Stored dataset items
(* For every composition $\lambda=(\lambda_1,\dots,\lambda_\ell)$ of $n$ and every tuple of integers $\mathbf{k}=(k_1,\dots,k_\ell)$, the weighted permutation module $M(\lambda,\mathbf{k})$ has a one-dimensional space of $S_n$-invariants.
   Context: Let $T\subset GL_n(\mathbb{C})$ be the diagonal torus, $S_n$ the subgroup of permutation matrices, and $T\rtimes S_n\cong\mathbb{C}^\times\wr S_n$ the monomial matrices. For a partition $\lambda$ of $r$ and integer $k$, $S^{\lambda,k}$ is the representation of $\mathbb{C}^\times\wr S_r$ on the Specht module $S^\lambda$ with each copy of $\mathbb{C}^\times$ acting by $z\mapsto z^k$. The weighted permutation module is $$M(\lambda,\mathbf{k}):=\mathrm{Ind}_{(\mathbb{C}^\times\wr S_{\lambda_1})\times\dots\times(\mathbb{C}^\times\wr S_{\lambda_\ell})}^{\mathbb{C}^\times\wr S_n}\left(S^{(\lambda_1),k_1}\otimes\dots\otimes S^{(\lambda_\ell),k_\ell}\right),$$ the product subgroup being block diagonal. *)

From HB Require Import structures.
From mathcomp Require Import all_boot all_order all_algebra all_fingroup.
From mathcomp Require Import reals complex.
Set Implicit Arguments. Unset Strict Implicit. Unset Printing Implicit Defensive.
Import Order.TTheory GRing.Theory Num.Theory.
Local Open Scope ring_scope.

Definition is_composition (n : nat) (lam : seq nat) : bool :=
  all (fun m => 0 < m)%N lam && (sumn lam == n).

(* Index (0-based) of the block of lam containing position i:
   the number of prefix sums lam_1 + ... + lam_(j+1) that are <= i. *)
Definition blk (lam : seq nat) (i : nat) : nat :=
  (\sum_(j < size lam) (sumn (take j.+1 lam) <= i)%N)%N.

Section Monomial.
Variables (F : fieldType) (n : nat).

(* monomial matrix D_t P_s, with (P_s) i j = (s i == j) *)
Definition monomial (t : 'I_n -> F) (s : 'S_n) : 'M[F]_n :=
  diag_mx (\row_i t i) *m perm_mx s.

(* The group C^x wr S_n = T x| S_n, as the set of invertible monomial matrices. *)
Definition in_wreath (g : 'M[F]_n) : Prop :=
  exists (t : 'I_n -> F) (s : 'S_n), (forall i, t i != 0) /\ g = monomial t s.

(* The block-diagonal subgroup (C^x wr S_lam_1) x ... x (C^x wr S_lam_l). *)
Definition in_young (lam : seq nat) (g : 'M[F]_n) : Prop :=
  exists (t : 'I_n -> F) (s : 'S_n),
    [/\ forall i, t i != 0, forall i, blk lam (s i) = blk lam i & g = monomial t s].

(* The character of S^{(lam_1),k_1} (x) ... (x) S^{(lam_l),k_l} on the block-diagonal
   subgroup: the one-row Specht modules S^{(m)} are trivial one-dimensional, and each
   copy of C^x in block j acts by z |-> z^(k_j).  The diagonal entry t_i of h = D_t P_s
   is recovered as the (unique nonzero) entry sum of row i. *)
Definition young_char (lam : seq nat) (k : seq int) (h : 'M[F]_n) : F :=
  \prod_(i < n) (\sum_(j < n) h i j) ^ (nth 0%Z k (blk lam i)).

(* The weighted permutation module M(lam,k) = Ind_H^G chi, in the function model:
   functions f on G with f(h g) = chi(h) f(g) for h in H, G acting by right translation
   (x . f)(g) = f(g x).  (Values of f outside G are irrelevant.) *)
Definition in_M (lam : seq nat) (k : seq int) (f : 'M[F]_n -> F) : Prop :=
  forall h g, in_young lam h -> in_wreath g -> f (h *m g) = young_char lam k h * f g.

Definition Sn_invariant (f : 'M[F]_n -> F) : Prop :=
  forall (s : 'S_n) g, in_wreath g -> f (g *m perm_mx s) = f g.

Definition in_invariants (lam : seq nat) (k : seq int) (f : 'M[F]_n -> F) : Prop :=
  in_M lam k f /\ Sn_invariant f.

Definition one_dimensional (V : ('M[F]_n -> F) -> Prop) : Prop :=
  exists f0, V f0 /\ (exists g, in_wreath g /\ f0 g != 0) /\
     forall f, V f -> exists c : F, forall g, in_wreath g -> f g = c * f0 g.

End Monomial.

From HB Require Import structures.
From mathcomp Require Import all_boot all_order all_algebra all_fingroup.
From mathcomp Require Import reals complex.
Import Order.TTheory GRing.Theory Num.Theory.
Local Open Scope ring_scope.
Local Open Scope complex_scope.

(* The diagonal torus T lies in the Young subgroup H and G = T S_n, so an
   S_n-invariant f of Ind_H^G chi satisfies f(D_t P_s) = f(D_t) = chi(D_t) f(1):
   it is determined by f(1).  Conversely g |-> chi(D_t) for g = D_t P_s is such an
   invariant, equal to 1 at the identity.  In the matrix model this function is
   young_char itself, since row sums of a monomial matrix are its diagonal
   entries and are unchanged by right multiplication with a permutation matrix. *)

Section WeightedPermutationModule.
Variables (F : fieldType) (n : nat).
Implicit Types (t : 'I_n -> F) (s : 'S_n) (A B : 'M[F]_n).

Definition row_sum A i : F := \sum_j A i j.

Lemma row_sum_mulmx_perm A s i : row_sum (A *m perm_mx s) i = row_sum A i.
Proof.
rewrite /row_sum -[s]invgK -col_permE (reindex_inj (@perm_inj _ s)) /=.
by apply: eq_bigr => j _; rewrite mxE permK.
Qed.

Lemma row_sum_monomial_mul t s B i :
  row_sum (monomial t s *m B) i = t i * row_sum B (s i).
Proof.
rewrite /row_sum /monomial -mulmxA -row_permE mul_diag_mx mulr_sumr.
by apply: eq_bigr => j _; rewrite !mxE.
Qed.

Lemma row_sum1 i : row_sum (1%:M : 'M[F]_n) i = 1.
Proof.
rewrite /row_sum (bigD1 i) //= mxE eqxx big1 ?addr0 // => j /negbTE neq_ji.
by rewrite mxE eq_sym neq_ji.
Qed.

Lemma row_sum_monomial t s i : row_sum (monomial t s) i = t i.
Proof. by rewrite -[monomial t s]mulmx1 row_sum_monomial_mul row_sum1 mulr1. Qed.

Lemma monomial1 : monomial (fun _ : 'I_n => 1 : F) 1%g = 1%:M.
Proof.
rewrite /monomial perm_mx1 mulmx1.
by apply/matrixP => i j; rewrite !mxE; case: (i == j); rewrite ?mulr1n ?mulr0n.
Qed.

Lemma monomialE t s : monomial t s = monomial t 1%g *m perm_mx s.
Proof. by rewrite /monomial perm_mx1 mulmx1. Qed.

Lemma in_wreath1 : in_wreath (1%:M : 'M[F]_n).
Proof. by exists (fun => 1), 1%g; rewrite monomial1; split => // i; apply: oner_neq0. Qed.

Lemma in_wreath_diag t : (forall i, t i != 0) -> in_wreath (monomial t 1%g).
Proof. by move=> t_neq0; exists t, 1%g. Qed.

Lemma in_young_diag lam t :
  (forall i, t i != 0) -> in_young lam (monomial t 1%g).
Proof. by move=> t_neq0; exists t, 1%g; split => // i; rewrite perm1. Qed.

Section YoungCharacter.
Variables (lam : seq nat) (k : seq int).

Lemma young_charE A :
  young_char lam k A = \prod_i row_sum A i ^ nth 0%Z k (blk lam i).
Proof. by []. Qed.

Lemma young_char_mulmx_perm A s :
  young_char lam k (A *m perm_mx s) = young_char lam k A.
Proof. by rewrite !young_charE; apply: eq_bigr => i _; rewrite row_sum_mulmx_perm. Qed.

Lemma young_char1 : young_char lam k (1%:M : 'M[F]_n) = 1.
Proof.
by rewrite young_charE big1 // => i _; rewrite row_sum1 exp1rz.
Qed.

Lemma young_charM h B :
  in_young lam h -> young_char lam k (h *m B) = young_char lam k h * young_char lam k B.
Proof.
case=> t [s [_ s_blk ->]]; rewrite !young_charE.
under eq_bigr => i _ do rewrite row_sum_monomial_mul expfzMl.
rewrite big_split /=; congr (_ * _).
  by apply: eq_bigr => i _; rewrite row_sum_monomial.
rewrite [RHS](reindex_inj (@perm_inj _ s)) /=.
by apply: eq_bigr => i _; rewrite s_blk.
Qed.

Lemma young_char_in_invariants : in_invariants lam k (young_char (F := F) (n := n) lam k).
Proof.
split=> [h g h_young _ | s g _]; first exact: young_charM.
exact: young_char_mulmx_perm.
Qed.

Lemma invariant_on_wreath (f : 'M[F]_n -> F) g :
  in_invariants lam k f -> in_wreath g -> f g = f 1%:M * young_char lam k g.
Proof.
move=> [fM fS] [t [s [t_neq0 ->]]].
rewrite monomialE fS; last exact: in_wreath_diag.
rewrite young_char_mulmx_perm -[monomial t 1%g in LHS]mulmx1 fM.
- by rewrite mulrC.
- exact: in_young_diag.
- exact: in_wreath1.
Qed.

End YoungCharacter.
End WeightedPermutationModule.

Theorem lemma3p2 (R : realType) (n : nat) (lam : seq nat) (k : seq int) :
  is_composition n lam -> size k = size lam ->
  one_dimensional (in_invariants (F := R[i]) (n := n) lam k).
Proof.
move=> _ _; exists (young_char lam k); split; first exact: young_char_in_invariants.
split.
  by exists 1%:M; rewrite young_char1 oner_neq0; split; first exact: in_wreath1.
by move=> f f_inv; exists (f 1%:M) => g; exact: invariant_on_wreath.
Qed.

Work instructions
The answer is the run of lines above from the line containing "diag_mx (\row_i t i) *m perm_mx s." through the line containing "(* The block-diagonal", copied exactly and alone.

Output below
  diag_mx (\row_i t i) *m perm_mx s.

(* The group C^x wr S_n = T x| S_n, as the set of invertible monomial matrices. *)
Definition in_wreath (g : 'M[F]_n) : Prop :=
  exists (t : 'I_n -> F) (s : 'S_n), (forall i, t i != 0) /\ g = monomial t s.

(* The block-diagonal subgroup (C^x wr S_lam_1) x ... x (C^x wr S_lam_l). *)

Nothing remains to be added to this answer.